§ Exercise prompt:
Give back every entry below, unchanged.

*** Data for the task ***

Fixpoint Csum (m : nat) (a : nat -> Cx) : Cx :=
  match m with O => C0 | S k => Cadd (Csum k a) (a k) end.

Record CHilbert := {
  carrier :> Type;
  vzero : carrier;
  vadd : carrier -> carrier -> carrier;
  vopp : carrier -> carrier;
  vscal : Cx -> carrier -> carrier;
  inner : carrier -> carrier -> Cx;
  vadd_assoc : forall x y z, vadd x (vadd y z) = vadd (vadd x y) z;
  vadd_comm : forall x y, vadd x y = vadd y x;
  vadd_0 : forall x, vadd x vzero = x;
  vadd_opp : forall x, vadd x (vopp x) = vzero;
  vscal_assoc : forall a b x, vscal a (vscal b x) = vscal (Cmul a b) x;
  vscal_1 : forall x, vscal C1 x = x;
  vscal_addv : forall a x y, vscal a (vadd x y) = vadd (vscal a x) (vscal a y);
  vscal_addc : forall a b x, vscal (Cadd a b) x = vadd (vscal a x) (vscal b x);
  inner_addl : forall x y z, inner (vadd x y) z = Cadd (inner x z) (inner y z);
  inner_scall : forall a x y, inner (vscal a x) y = Cmul a (inner x y);
  inner_conj : forall x y, inner y x = Cconj (inner x y);
  inner_pos : forall x, 0 <= Re (inner x x);
  inner_def : forall x, inner x x = C0 -> x = vzero;
  complete : forall s : nat -> carrier,
    (forall eps, eps > 0 -> exists N, forall n m, (n >= N)%nat -> (m >= N)%nat ->
       sqrt (Re (inner (vadd (s n) (vopp (s m))) (vadd (s n) (vopp (s m))))) < eps) ->
    exists y, forall eps, eps > 0 -> exists N, forall n, (n >= N)%nat ->
       sqrt (Re (inner (vadd (s n) (vopp y)) (vadd (s n) (vopp y)))) < eps
}.

Arguments vzero {_}.
Arguments vadd {_}.
Arguments vopp {_}.
Arguments vscal {_}.
Arguments inner {_}.

Definition hnorm {H : CHilbert} (x : H) : R := sqrt (Re (inner x x)).
Definition vsub {H : CHilbert} (x y : H) : H := vadd x (vopp y).

Fixpoint vsum {H : CHilbert} (m : nat) (v : nat -> H) : H :=
  match m with O => vzero | S k => vadd (vsum k v) (v k) end.

Definition hconv {H : CHilbert} (s : nat -> H) (y : H) : Prop :=
  forall eps, eps > 0 -> exists N, forall n, (n >= N)%nat -> hnorm (vsub (s n) y) < eps.

Definition separable (H : CHilbert) : Prop :=
  exists d : nat -> H, forall (x : H) eps, eps > 0 -> exists n, hnorm (vsub x (d n)) < eps.

Definition infinite_dimensional (H : CHilbert) : Prop :=
  ~ exists (m : nat) (b : nat -> H), forall x : H,
      exists a : nat -> Cx, x = vsum m (fun i => vscal (a i) (b i)).

Definition l2_sqsum (c : nat -> Cx) (s : R) : Prop :=
  infinite_sum (fun n => Cnorm2 (c n)) s.
Definition is_l2 (c : nat -> Cx) : Prop := exists s, l2_sqsum c s.

(* compact operator T on l^2: the image of the closed unit ball is relatively
   compact, i.e. every sequence in the unit ball has a subsequence whose
   image converges in l^2 *)
Definition compact_l2_op (T : (nat -> Cx) -> (nat -> Cx)) : Prop :=
  forall c : nat -> nat -> Cx,
    (forall k, exists s, l2_sqsum (c k) s /\ s <= 1) ->
    exists (phi : nat -> nat) (d : nat -> Cx),
      (forall k, (phi k < phi (S k))%nat) /\ is_l2 d /\
      forall eps, eps > 0 -> exists N, forall k, (k >= N)%nat ->
        exists s, l2_sqsum (fun n => Csub (T (c (phi k)) n) (d n)) s /\ s < eps.

Definition analysis {H : CHilbert} (f : nat -> H) (x : H) : nat -> Cx :=
  fun n => inner x (f n).

Definition frame {H : CHilbert} (f : nat -> H) : Prop :=
  exists A B, 0 < A /\ 0 < B /\ forall x : H, exists s,
    l2_sqsum (analysis f x) s /\ A * hnorm x ^ 2 <= s /\ s <= B * hnorm x ^ 2.

(* synthesis operator U^* c = sum_n c n f n (limit of partial sums, chosen
   classically; for a frame and c in l^2 the series converges) *)
Definition synthesis {H : CHilbert} (f : nat -> H) (c : nat -> Cx) : H :=
  epsilon (inhabits vzero)
    (fun y => hconv (fun N => vsum N (fun n => vscal (c n) (f n))) y).

Definition finite_dim_seqset (P : (nat -> Cx) -> Prop) : Prop :=
  exists (m : nat) (b : nat -> nat -> Cx), forall c, P c ->
    exists a : nat -> Cx, forall n, c n = Csum m (fun i => Cmul (a i) (b i n)).

(* excess = dim Ker U^* ; near-Riesz basis = frame with finite excess *)
Definition near_Riesz {H : CHilbert} (f : nat -> H) : Prop :=
  frame f /\ finite_dim_seqset (fun c => is_l2 c /\ synthesis f c = vzero).

(* Write T := I - V U^* on l^2.  The whole argument rests on the quadratic
   form c |-> Re <T c, c>:
   - on Ker U^* we have T c = c, so Re <T c, c> = ||c||^2;
   - on Ker V^* we have <V U^* c, c> = <U^* c, V^* c> = 0, so again
     Re <T c, c> = ||c||^2.
   A compact operator cannot have Re <T c, c> = ||c||^2 on an
   infinite-dimensional subspace P of l^2: otherwise P contains unit vectors
   c_k vanishing on the first k coordinates, a subsequence of (T c_k)
   converges to some d in l^2, and splitting <T c, c> against d and the tail
   of d forces Re <T c, c> <= 3/4 for a far-out c_k.  Hence both kernels are
   finite-dimensional, i.e. both frames have finite excess. *)
From Pilot Require Import Defs.
From Stdlib Require Import Reals Lra Lia Psatz ClassicalEpsilon Classical.
Open Scope R_scope.

Arguments vadd_assoc {_}. Arguments vadd_comm {_}. Arguments vadd_0 {_}.
Arguments vadd_opp {_}. Arguments vscal_assoc {_}. Arguments vscal_1 {_}.
Arguments vscal_addv {_}. Arguments vscal_addc {_}. Arguments inner_addl {_}.
Arguments inner_scall {_}. Arguments inner_conj {_}. Arguments inner_pos {_}.
Arguments inner_def {_}.

Lemma Ceq (a b : Cx) : Re a = Re b -> Im a = Im b -> a = b.
Proof. destruct a, b; simpl; intros; subst; reflexivity. Qed.

Ltac Cring := apply Ceq; simpl; ring.

Lemma Cnorm2_pos a : 0 <= Cnorm2 a.
Proof. unfold Cnorm2; nra. Qed.

Lemma Cnorm2_add a b : Cnorm2 (Cadd a b) <= 2 * Cnorm2 a + 2 * Cnorm2 b.
Proof.
  destruct a as [x y], b as [u v]; unfold Cnorm2; simpl.
  pose proof (pow2_ge_0 (x - u)); pose proof (pow2_ge_0 (y - v)). nra.
Qed.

*** End of Data for the task ***

§ Result for this exercise:
Fixpoint Csum (m : nat) (a : nat -> Cx) : Cx :=
  match m with O => C0 | S k => Cadd (Csum k a) (a k) end.

Record CHilbert := {
  carrier :> Type;
  vzero : carrier;
  vadd : carrier -> carrier -> carrier;
  vopp : carrier -> carrier;
  vscal : Cx -> carrier -> carrier;
  inner : carrier -> carrier -> Cx;
  vadd_assoc : forall x y z, vadd x (vadd y z) = vadd (vadd x y) z;
  vadd_comm : forall x y, vadd x y = vadd y x;
  vadd_0 : forall x, vadd x vzero = x;
  vadd_opp : forall x, vadd x (vopp x) = vzero;
  vscal_assoc : forall a b x, vscal a (vscal b x) = vscal (Cmul a b) x;
  vscal_1 : forall x, vscal C1 x = x;
  vscal_addv : forall a x y, vscal a (vadd x y) = vadd (vscal a x) (vscal a y);
  vscal_addc : forall a b x, vscal (Cadd a b) x = vadd (vscal a x) (vscal b x);
  inner_addl : forall x y z, inner (vadd x y) z = Cadd (inner x z) (inner y z);
  inner_scall : forall a x y, inner (vscal a x) y = Cmul a (inner x y);
  inner_conj : forall x y, inner y x = Cconj (inner x y);
  inner_pos : forall x, 0 <= Re (inner x x);
  inner_def : forall x, inner x x = C0 -> x = vzero;
  complete : forall s : nat -> carrier,
    (forall eps, eps > 0 -> exists N, forall n m, (n >= N)%nat -> (m >= N)%nat ->
       sqrt (Re (inner (vadd (s n) (vopp (s m))) (vadd (s n) (vopp (s m))))) < eps) ->
    exists y, forall eps, eps > 0 -> exists N, forall n, (n >= N)%nat ->
       sqrt (Re (inner (vadd (s n) (vopp y)) (vadd (s n) (vopp y)))) < eps
}.

Arguments vzero {_}.
Arguments vadd {_}.
Arguments vopp {_}.
Arguments vscal {_}.
Arguments inner {_}.

Definition hnorm {H : CHilbert} (x : H) : R := sqrt (Re (inner x x)).
Definition vsub {H : CHilbert} (x y : H) : H := vadd x (vopp y).

Fixpoint vsum {H : CHilbert} (m : nat) (v : nat -> H) : H :=
  match m with O => vzero | S k => vadd (vsum k v) (v k) end.

Definition hconv {H : CHilbert} (s : nat -> H) (y : H) : Prop :=
  forall eps, eps > 0 -> exists N, forall n, (n >= N)%nat -> hnorm (vsub (s n) y) < eps.

Definition separable (H : CHilbert) : Prop :=
  exists d : nat -> H, forall (x : H) eps, eps > 0 -> exists n, hnorm (vsub x (d n)) < eps.

Definition infinite_dimensional (H : CHilbert) : Prop :=
  ~ exists (m : nat) (b : nat -> H), forall x : H,
      exists a : nat -> Cx, x = vsum m (fun i => vscal (a i) (b i)).

Definition l2_sqsum (c : nat -> Cx) (s : R) : Prop :=
  infinite_sum (fun n => Cnorm2 (c n)) s.
Definition is_l2 (c : nat -> Cx) : Prop := exists s, l2_sqsum c s.

(* compact operator T on l^2: the image of the closed unit ball is relatively
   compact, i.e. every sequence in the unit ball has a subsequence whose
   image converges in l^2 *)
Definition compact_l2_op (T : (nat -> Cx) -> (nat -> Cx)) : Prop :=
  forall c : nat -> nat -> Cx,
    (forall k, exists s, l2_sqsum (c k) s /\ s <= 1) ->
    exists (phi : nat -> nat) (d : nat -> Cx),
      (forall k, (phi k < phi (S k))%nat) /\ is_l2 d /\
      forall eps, eps > 0 -> exists N, forall k, (k >= N)%nat ->
        exists s, l2_sqsum (fun n => Csub (T (c (phi k)) n) (d n)) s /\ s < eps.

Definition analysis {H : CHilbert} (f : nat -> H) (x : H) : nat -> Cx :=
  fun n => inner x (f n).

Definition frame {H : CHilbert} (f : nat -> H) : Prop :=
  exists A B, 0 < A /\ 0 < B /\ forall x : H, exists s,
    l2_sqsum (analysis f x) s /\ A * hnorm x ^ 2 <= s /\ s <= B * hnorm x ^ 2.

(* synthesis operator U^* c = sum_n c n f n (limit of partial sums, chosen
   classically; for a frame and c in l^2 the series converges) *)
Definition synthesis {H : CHilbert} (f : nat -> H) (c : nat -> Cx) : H :=
  epsilon (inhabits vzero)
    (fun y => hconv (fun N => vsum N (fun n => vscal (c n) (f n))) y).

Definition finite_dim_seqset (P : (nat -> Cx) -> Prop) : Prop :=
  exists (m : nat) (b : nat -> nat -> Cx), forall c, P c ->
    exists a : nat -> Cx, forall n, c n = Csum m (fun i => Cmul (a i) (b i n)).

(* excess = dim Ker U^* ; near-Riesz basis = frame with finite excess *)
Definition near_Riesz {H : CHilbert} (f : nat -> H) : Prop :=
  frame f /\ finite_dim_seqset (fun c => is_l2 c /\ synthesis f c = vzero).

(* Write T := I - V U^* on l^2.  The whole argument rests on the quadratic
   form c |-> Re <T c, c>:
   - on Ker U^* we have T c = c, so Re <T c, c> = ||c||^2;
   - on Ker V^* we have <V U^* c, c> = <U^* c, V^* c> = 0, so again
     Re <T c, c> = ||c||^2.
   A compact operator cannot have Re <T c, c> = ||c||^2 on an
   infinite-dimensional subspace P of l^2: otherwise P contains unit vectors
   c_k vanishing on the first k coordinates, a subsequence of (T c_k)
   converges to some d in l^2, and splitting <T c, c> against d and the tail
   of d forces Re <T c, c> <= 3/4 for a far-out c_k.  Hence both kernels are
   finite-dimensional, i.e. both frames have finite excess. *)
From Pilot Require Import Defs.
From Stdlib Require Import Reals Lra Lia Psatz ClassicalEpsilon Classical.
Open Scope R_scope.

Arguments vadd_assoc {_}. Arguments vadd_comm {_}. Arguments vadd_0 {_}.
Arguments vadd_opp {_}. Arguments vscal_assoc {_}. Arguments vscal_1 {_}.
Arguments vscal_addv {_}. Arguments vscal_addc {_}. Arguments inner_addl {_}.
Arguments inner_scall {_}. Arguments inner_conj {_}. Arguments inner_pos {_}.
Arguments inner_def {_}.

Lemma Ceq (a b : Cx) : Re a = Re b -> Im a = Im b -> a = b.
Proof. destruct a, b; simpl; intros; subst; reflexivity. Qed.

Ltac Cring := apply Ceq; simpl; ring.

Lemma Cnorm2_pos a : 0 <= Cnorm2 a.
Proof. unfold Cnorm2; nra. Qed.

Lemma Cnorm2_add a b : Cnorm2 (Cadd a b) <= 2 * Cnorm2 a + 2 * Cnorm2 b.
Proof.
  destruct a as [x y], b as [u v]; unfold Cnorm2; simpl.
  pose proof (pow2_ge_0 (x - u)); pose proof (pow2_ge_0 (y - v)). nra.
Qed.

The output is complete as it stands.